Johnson is clearly comfortable with the advice he's getting. He considers producer Dashut a friend (Dashut calls him "Whiskey Boy", says Bakker, because of his penchant for a wee dram) and they have been winning friends everywhere. Most influential is Billboard magazine columnist Melinda Newman, who had seen Johnson play on their previous trip and has asked to do the first major interview for that bible of the music business.
"She's become a good friend," says Johnson, "and I think she likes us because we didn't know who she was, so when we met we weren't trying to kiss her arse. She likes our sense of humour and she's more dry than the Californians because she's from the east coast.
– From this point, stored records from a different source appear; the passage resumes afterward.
(* M k e converges strongly: |M m e - M k e|^2 is bounded by a Cauchy difference of the
   convergent real sequence <e, M k e>. *)
Lemma op_seq_strong_cauchy e : forall eta, 0 < eta ->
  exists m, forall k, (m <= k)%nat -> hnorm (vsub (M m e) (M k e)) < eta.
Proof.
  intros eta Heta.
  destruct op_seq_diff_sq_le as [C [HC HCd]].
  destruct (Un_cv_antitone_bounded_below (fun k => Mnorm2 (M k) e)) as [Qe HQe].
  { intro k. pose proof (HMd k e). lra. }
  { intro k. apply in_Splus_Mnorm2_pos; auto. }
  set (del := eta * eta / (C + 1)). assert (Hdel : 0 < del) by (apply Rdiv_lt_0_compat; nra).
  destruct (HQe del Hdel) as [m Hm]. exists m. intros k Hk.
  assert (Qe <= Mnorm2 (M k) e).
  { apply (Un_cv_le_eventually _ _ _ k HQe). intros n Hn. apply Mnorm2_antitone; auto. }
  specialize (Hm m (le_n _)). unfold Rdist in Hm. apply Rabs_def2 in Hm.
  assert (HT : inner (vsub (M m e) (M k e)) (vsub (M m e) (M k e)) <= C * del).
  { eapply Rle_trans; [apply HCd; auto|]. apply Rmult_le_compat_l; lra. }
  rewrite <- (sqrt_Rsqr eta) by lra. apply sqrt_lt_1_alt. split; [apply inner_pos|].
  apply Rle_lt_trans with (C * del); auto. unfold del, Rsqr.
  replace (C * (eta * eta / (C + 1))) with (eta * eta * (C / (C + 1))) by (field; lra).
  assert (C / (C + 1) < 1).
  { apply Rmult_lt_reg_r with (C + 1); [lra|]. replace (C / (C + 1) * (C + 1)) with C by (field; lra). lra. }
  assert (0 < eta * eta) by nra.
  rewrite <- (Rmult_1_r (eta * eta)) at 2. apply Rmult_lt_compat_l; auto.
Qed.

End OperatorSequence.

(** * Optimality conditions of composite minimization problems *)

Section Optimality.
Context {H : Hilbert}.

Definition convex_with_modulus (mu : R) (F : H -> ER) := forall w y t a b, 0 <= t <= 1 ->
  ERle (F w) (Fin a) -> ERle (F y) (Fin b) ->
  ERle (F (vadd (vscal t w) (vscal (1 - t) y)))
       (Fin (t * a + (1 - t) * b - mu / 2 * (t * (1 - t)) * inner (vsub w y) (vsub w y))).

Lemma convex_with_modulus_0 F : convex F -> convex_with_modulus 0 F.
Proof. intros HF w y t a b Ht Ha Hb. eapply ERle_fin_mono; [apply HF; eauto | lra]. Qed.

Lemma strongly_convex_with_modulus F g : strongly_convex g F -> convex_with_modulus g F.
Proof.
  intros HF w y t a b Ht Ha Hb.
  set (u := vadd (vscal t w) (vscal (1 - t) y)).
  specialize (HF w y t (a - g / 2 * hnorm w ^ 2) (b - g / 2 * hnorm y ^ 2) Ht).
  fold u in HF.
  assert (Hw : ERle (ERaddR (F w) (- (g / 2) * hnorm w ^ 2)) (Fin (a - g / 2 * hnorm w ^ 2)))
    by (destruct (F w); simpl in *; auto; lra).
  assert (Hy : ERle (ERaddR (F y) (- (g / 2) * hnorm y ^ 2)) (Fin (b - g / 2 * hnorm y ^ 2)))
    by (destruct (F y); simpl in *; auto; lra).
  specialize (HF Hw Hy).
  rewrite !hnorm_pow2 in HF.
  assert (E : inner u u
              = t * t * inner w w + 2 * t * (1 - t) * inner w y + (1 - t) * (1 - t) * inner y y).
  { unfold u. autorewrite with inE. rewrite (inner_sym y w). ring. }
  destruct (F u); simpl in *; auto. autorewrite with inE.
  rewrite (inner_sym y w). rewrite E in HF. nra.
Qed.

Lemma argmin_variational_ineq (F : H -> ER) (Q : H -> R) mu xp Fx (l : H -> R) :
  0 <= mu -> F xp = Fin Fx -> convex_with_modulus mu F ->
  (forall u, ERle (ERaddR (F xp) (Q xp)) (ERaddR (F u) (Q u))) ->
  (forall d eta tau, 0 < eta -> 0 < tau -> exists t, 0 < t /\ t <= 1 /\ t <= tau /\
      Q (vadd xp (vscal t d)) - Q xp <= t * (l d + eta)) ->
  forall w a, ERle (F w) (Fin a) ->
    a >= Fx - l (vsub w xp) + mu / 2 * inner (vsub w xp) (vsub w xp).
Proof.
  intros Hmu HFx Hsc Hmin HQ w a Hw. set (d := vsub w xp).
  set (n := inner d d). assert (Hn : 0 <= n) by apply inner_pos.
  apply Rle_ge. apply (le_epsilon_scaled _ _ (1 + mu / 2 * n)); [nra|].
  intros e He.
  destruct (HQ d e e He He) as [t [Ht0 [Ht1 [Hte Ht]]]].
  assert (HFxp : ERle (F xp) (Fin Fx)) by (rewrite HFx; simpl; lra).
  pose proof (Hsc w xp t a Fx ltac:(lra) Hw HFxp) as Hs.
  rewrite (vsegment_eq xp w t) in Hs. fold d n in Hs.
  specialize (Hmin (vadd xp (vscal t d))). rewrite HFx in Hmin.
  destruct (F (vadd xp (vscal t d))) as [fu|]; simpl in Hs, Hmin; [|contradiction].
  assert (a - Fx - mu / 2 * (1 - t) * n + l d + e >= 0).
  { destruct (Rle_lt_dec 0 (a - Fx - mu / 2 * (1 - t) * n + l d + e)); [lra|].
    assert (t * (a - Fx - mu / 2 * (1 - t) * n + l d + e) < 0) by (apply Rmult_pos_neg; lra).
    nra. }
  assert (mu / 2 * t * n <= e * (mu / 2 * n)).
  { replace (mu / 2 * t * n) with (t * (mu / 2 * n)) by ring.
    apply Rmult_le_compat_r; [apply Rmult_le_pos|]; lra. }
  nra.
Qed.

Lemma quadratic_directional_bound (Q : H -> R) xp (l q : H -> R) :
  (forall d t, Q (vadd xp (vscal t d)) = Q xp + t * l d + t ^ 2 * q d) ->
  forall d eta tau, 0 < eta -> 0 < tau -> exists t, 0 < t /\ t <= 1 /\ t <= tau /\
      Q (vadd xp (vscal t d)) - Q xp <= t * (l d + eta).
Proof.
  intros HQ d eta tau He Ht.
  set (t := Rmin (Rmin 1 tau) (eta / (Rabs (q d) + 1))).
  pose proof (Rabs_pos (q d)).
  assert (0 < eta / (Rabs (q d) + 1)) by (apply Rdiv_lt_0_compat; lra).
  assert (t <= Rmin 1 tau) by apply Rmin_l.
  pose proof (Rmin_l 1 tau). pose proof (Rmin_r 1 tau).
  assert (Hm2 : t <= eta / (Rabs (q d) + 1)) by apply Rmin_r.
  assert (0 < t) by (unfold t; repeat apply Rmin_glb_lt; lra).
  exists t. repeat split; try lra.
  rewrite HQ.
  assert (t * q d <= eta).
  { assert (t * q d <= t * Rabs (q d)) by (apply Rmult_le_compat_l; [lra | apply Rle_abs]).
    assert (t * Rabs (q d) <= eta / (Rabs (q d) + 1) * (Rabs (q d) + 1))
      by (apply Rmult_le_compat; lra).
    replace (eta / (Rabs (q d) + 1) * (Rabs (q d) + 1)) with eta in * by (field; lra).
    lra. }
  nra.
Qed.

Lemma differentiable_directional_bound (h : H -> R) gh (c : H -> R) xp :
  frechet_gradient h gh ->
  (forall d t, c (vadd xp (vscal t d)) = c xp + t * c d) ->
  forall d eta tau, 0 < eta -> 0 < tau -> exists t, 0 < t /\ t <= 1 /\ t <= tau /\
      (h (vadd xp (vscal t d)) + c (vadd xp (vscal t d))) - (h xp + c xp)
      <= t * ((inner (gh xp) d + c d) + eta).
Proof.
  intros Hg Hc d eta tau He Ht.
  set (e' := eta / (hnorm d + 1)). pose proof (hnorm_pos d).
  assert (He' : 0 < e') by (apply Rdiv_lt_0_compat; lra).
  destruct (Hg xp e' He') as [delta [Hdel Hf]].
  destruct (small_step d delta tau Hdel Ht) as [t [Ht0 [Ht1 [Htt Htd]]]].
  exists t. repeat split; auto.
  specialize (Hf _ Htd). rewrite inner_scal_r, hnorm_scal, (Rabs_right t) in Hf by lra.
  apply Rabs_le_between in Hf. rewrite Hc.
  assert (e' * (t * hnorm d) <= t * eta).
  { replace (e' * (t * hnorm d)) with (t * (eta * (hnorm d / (hnorm d + 1))))
      by (unfold e'; field; lra).
    apply Rmult_le_compat_l; [lra|].
    rewrite <- (Rmult_1_r eta) at 2. apply Rmult_le_compat_l; [lra|].
    apply Rmult_le_reg_r with (hnorm d + 1); [lra|].
    replace (hnorm d / (hnorm d + 1) * (hnorm d + 1)) with (hnorm d) by (field; lra). lra. }
  lra.
Qed.

End Optimality.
How Newman heard Johnson is significant in what it says about the LA music industry. Bakker got her to a gig through a friend, and Johnson admits: "We've used the six degrees of separation to the nth degree and probably now know 180 people in the business."
The appeal of Johnson to Americans, especially journalists, is obvious. He has A Story, and it's a good one: going to LA on a wing and a prayer, playing gigs and looking for a deal, Ted getting sick, running out of money, the day before leaving getting the record deal with a label on the cutting edge of technology as much as having credible management ...
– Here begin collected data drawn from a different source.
Lemma expected_composite_xbar_le d0 T x : (0 < T)%N ->
  Exp R _ d0 T (fun c => composite (xbar R n J I step c T)) - composite x
    <= J%:R * rate_const T / T%:R.
Proof.
move=> T0.
have bound c : composite (xbar R n J I step c T)
    <= (composite x + J%:R * rate_const T / T%:R) + J%:R / T%:R * \sum_(t < T) path_residual c t.
  by have := composite_xbar_le c x T0; lra.
have : Exp R _ d0 T (fun c => composite (xbar R n J I step c T))
    <= Exp R _ d0 T (fun c => (composite x + J%:R * rate_const T / T%:R)
                             + J%:R / T%:R * \sum_(t < T) path_residual c t).
  exact: Exp_ler.
rewrite Exp_affine (Exp_sum _ _ _ (fun t c => path_residual c t)).
have : \sum_(t < T) Exp R _ d0 T (fun c => path_residual c t) <= 0.
  by apply: sumr_le0 => t _; exact: expected_path_residual_le0.
have : 0 <= (J%:R : R) / T%:R by rewrite divr_ge0 ?ler0n.
nra.
Qed.

End ORBCD.
Record is_ASMC (C : ASMCdata) : Prop := {
  comp_idl : forall (X Y : Ob C) (f : Mor C X Y), cmp (idmor X) f = f;
  comp_idr : forall (X Y : Ob C) (f : Mor C X Y), cmp f (idmor Y) = f;
  compA : forall (X Y Z W : Ob C) (f : Mor C X Y) (g : Mor C Y Z) (h : Mor C Z W),
      cmp f (cmp g h) = cmp (cmp f g) h;
  tensm_id : forall (X Y : Ob C), tensm (idmor X) (idmor Y) = idmor (tens X Y);
  tensm_comp : forall (X X' X'' Y Y' Y'' : Ob C) (f : Mor C X X') (f' : Mor C X' X'')
      (g : Mor C Y Y') (g' : Mor C Y' Y''),
      tensm (cmp f f') (cmp g g') = cmp (tensm f g) (tensm f' g');
  tensA : forall (X Y Z : Ob C), tens (tens X Y) Z = tens X (tens Y Z);
  tens1l : forall (X : Ob C), tens Iob X = X;
  tens1r : forall (X : Ob C), tens X Iob = X;
  tensmA : forall (X X' Y Y' Z Z' : Ob C) (f : Mor C X X') (g : Mor C Y Y') (h : Mor C Z Z'),
      castH (fun P Q => Mor C P Q : Type) (tensA X Y Z) (tensA X' Y' Z')
        (tensm (tensm f g) h) = tensm f (tensm g h);
  tensm1l : forall (X X' : Ob C) (f : Mor C X X'),
      castH (fun P Q => Mor C P Q : Type) (tens1l X) (tens1l X')
        (tensm (idmor Iob) f) = f;
  tensm1r : forall (X X' : Ob C) (f : Mor C X X'),
      castH (fun P Q => Mor C P Q : Type) (tens1r X) (tens1r X')
        (tensm f (idmor Iob)) = f;
  sym_nat : forall (X X' Y Y' : Ob C) (f : Mor C X X') (g : Mor C Y Y'),
      cmp (tensm f g) (gam X' Y') = cmp (gam X Y) (tensm g f);
  sym_inv : forall (X Y : Ob C), cmp (gam X Y) (gam Y X) = idmor (tens X Y);
  hexagon1 : forall (X Y Z : Ob C),
      gam X (tens Y Z) =
      castH (fun P Q => Mor C P Q : Type) erefl (esym (tensA Y Z X))
        (cmp (castH (fun P Q => Mor C P Q : Type) (tensA X Y Z) (tensA Y X Z)
                 (tensm (gam X Y) (idmor Z)))
              (tensm (idmor Y) (gam X Z)));
  hexagon2 : forall (X Y Z : Ob C),
      gam (tens X Y) Z =
      castH (fun P Q => Mor C P Q : Type) erefl (tensA Z X Y)
        (cmp (castH (fun P Q => Mor C P Q : Type)
                 (esym (tensA X Y Z)) (esym (tensA X Z Y))
                 (tensm (idmor X) (gam Y Z)))
              (tensm (gam X Z) (idmor Y)));
  comp0l : forall (X Y Z : Ob C) (g : Mor C Y Z), cmp (0 : Mor C X Y) g = 0;
  comp0r : forall (X Y Z : Ob C) (f : Mor C X Y), cmp f (0 : Mor C Y Z) = 0;
  compDl : forall (X Y Z : Ob C) (f f' : Mor C X Y) (g : Mor C Y Z),
      cmp (f + f') g = cmp f g + cmp f' g;
  compDr : forall (X Y Z : Ob C) (f : Mor C X Y) (g g' : Mor C Y Z),
      cmp f (g + g') = cmp f g + cmp f g';
  tensm0l : forall (X X' Y Y' : Ob C) (g : Mor C Y Y'), tensm (0 : Mor C X X') g = 0;
  tensm0r : forall (X X' Y Y' : Ob C) (f : Mor C X X'), tensm f (0 : Mor C Y Y') = 0;
  tensmDl : forall (X X' Y Y' : Ob C) (f f' : Mor C X X') (g : Mor C Y Y'),
      tensm (f + f') g = tensm f g + tensm f' g;
  tensmDr : forall (X X' Y Y' : Ob C) (f : Mor C X X') (g g' : Mor C Y Y'),
      tensm f (g + g') = tensm f g + tensm f g'
}.

Record ASMC := { asmc_data :> ASMCdata; asmc_ax : is_ASMC asmc_data }.

Section Powers.
Variables (C : ASMC) (A : Ob C).

Let tA := tensA (asmc_ax C).
Let t1r := tens1r (asmc_ax C).

(* A^{(x)n} = (...((I (x) A) (x) A)...) (x) A ; by strictness this is A (x) ... (x) A *)
Fixpoint pw (n : nat) : Ob C :=
  match n with 0 => Iob | m.+1 => tens (pw m) A end.

Lemma pw_add a b : tens (pw a) (pw b) = pw (a + b)%N.
Proof.
elim: b => [|b IH] /=; first by rewrite addn0 t1r.
by rewrite -tA IH addnS.
Qed.

(* cast between tensor powers along an equality of exponents (0 if unequal) *)
Definition castN (a b a' b' : nat) (f : Mor C (pw a) (pw a')) : Mor C (pw b) (pw b') :=
  match a =P b, a' =P b' with
  | ReflectT e1, ReflectT e2 =>
      castH (fun P Q => Mor C P Q : Type) (f_equal pw e1) (f_equal pw e2) f
  | _, _ => 0
  end.


Definition shiftl (k m : nat) : Mor C (pw (k + m.+1)%N) (pw (k.+1 + m)%N) :=
  castH (fun P Q => Mor C P Q : Type) (pw_add k m.+1)
    (eq_trans (esym (tA (pw k) A (pw m))) (pw_add k.+1 m))
    (tensm (idmor (pw k)) (gam (pw m) A)).

(* 1_{A^{(x)k}} (x) gamma_{A^{(x)(n-k)}, A} : A^{(x)(n+1)} -> A^{(x)(n+1)}
   (meaningful for k <= n) *)
Definition id_tens_sym (n k : nat) : Mor C (pw n.+1) (pw n.+1) :=
  @castN (k + (n - k).+1)%N n.+1 (k.+1 + (n - k))%N n.+1 (shiftl k (n - k)).

(* restriction of sigma in S_{n+1} to the first n factors:
   tau i = unbump (sigma n) (sigma i) *)
Definition restr_fun n (s : 'S_n.+1) (i : 'I_n) : 'I_n :=
  odflt i (unlift (s ord_max) (s (lift ord_max i))).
Then there's the Kiwi Factor.
"It's great having Ted and Michelle and Kelly the nanny here too," says Johnson, "because as an overall impression they get a sense of us as New Zealanders, and the level of commitment."
Johnson might be in the vanguard of Kiwi musicians in LA, especially since he is recording for the DVD-era 5.1 system. It's the coming thing and many record companies now insist their artists record using 5.1 equipment which was developed by Ken Caillat of Immergent.
Johnson expects he will be the first Kiwi artist to use the gear and he will doubtless become a spokesman for the technology, says Bakker, when his album and DVD version are released, probably in January. They plan to get out a five-track EP to sell at gigs before then to get the buzz going.
Bakker has him playing a couple of gigs a week, one in the city and the other up or down the coast. What with the contacts, both business and musical, they are confident.
"I've honestly never sat on such a strong bunch of songs as I am now. I've never been in better shape as a player or singer, Ted is so in there and we've got really tight harmonies, and the whole band is going to sing and we can have four-part harmonies."
His bangers'n'mash finished, Johnson gets thoughtful.
"You know the thing is, we found The Way. I knew there was one and it seems this is it: you stay here and work it, and make the connections. Yeah, it's late in the career maybe, but the timing could be good - I'm not an idiot or drunk.
"Also the Coldplay album is going through the roof here and it's not that dissimilar to the kind of record I'm making - and that's exactly the kind of sound I've been making for 15 years.
"So maybe, finally, the timing might be right."